* _Problem statement_:
The records below must be transcribed precisely and in full.

:: Supplied data

Theorem proposition3p2 (chi f g : R -> R) :
  chi1 chi -> chi2 chi -> AC f -> ae_derivative f g ->
  forall (w : R) (m : nat) (t : R), 0 < w -> (1 <= m)%nat ->
  derivable_pt_lim (Sbar chi m w f) t
    (/ INR m * rsum (fun j => Kw chi w g (t - (INR m - 2 * INR j) / (2 * w))) m).
Proof.
  intros [Hcont _] H2 [HBV HAC] Hder w m t Hw Hm.
  destruct (continuous_antiderivative chi Hcont) as [Phi HPhi].
  destruct (BV_bounded f HBV) as [B HB].
  set (L := kernel_series chi (fun k => f (IZR k / w))).
  set (x0 := w * t - INR m / 2).
  rewrite (rsum_ext _ (fun j => w * (L (x0 + INR (S j)) - L (x0 + INR j)))).
  2:{ intros j _. rewrite (Kw_kernel_series chi f g B) by assumption. rewrite S_INR.
      replace (w * (t - (INR m - 2 * INR j) / (2 * w))) with (x0 + INR j)
        by (unfold x0; field; lra).
      unfold L. do 3 f_equal. ring. }
  rewrite rsum_scal, (rsum_telescope (fun j => L (x0 + INR j))), Rplus_0_r.
  replace (x0 + INR m) with (w * t + INR m / 2) by (unfold x0; field).
  rewrite <- Rmult_assoc. exact (Sbar_derivative chi Phi f B w m H2 HPhi HB Hm t).
Qed.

::::

* _Problem solution_:
Theorem proposition3p2 (chi f g : R -> R) :
  chi1 chi -> chi2 chi -> AC f -> ae_derivative f g ->
  forall (w : R) (m : nat) (t : R), 0 < w -> (1 <= m)%nat ->
  derivable_pt_lim (Sbar chi m w f) t
    (/ INR m * rsum (fun j => Kw chi w g (t - (INR m - 2 * INR j) / (2 * w))) m).
Proof.
  intros [Hcont _] H2 [HBV HAC] Hder w m t Hw Hm.
  destruct (continuous_antiderivative chi Hcont) as [Phi HPhi].
  destruct (BV_bounded f HBV) as [B HB].
  set (L := kernel_series chi (fun k => f (IZR k / w))).
  set (x0 := w * t - INR m / 2).
  rewrite (rsum_ext _ (fun j => w * (L (x0 + INR (S j)) - L (x0 + INR j)))).
  2:{ intros j _. rewrite (Kw_kernel_series chi f g B) by assumption. rewrite S_INR.
      replace (w * (t - (INR m - 2 * INR j) / (2 * w))) with (x0 + INR j)
        by (unfold x0; field; lra).
      unfold L. do 3 f_equal. ring. }
  rewrite rsum_scal, (rsum_telescope (fun j => L (x0 + INR j))), Rplus_0_r.
  replace (x0 + INR m) with (w * t + INR m / 2) by (unfold x0; field).
  rewrite <- Rmult_assoc. exact (Sbar_derivative chi Phi f B w m H2 HPhi HB Hm t).
Qed.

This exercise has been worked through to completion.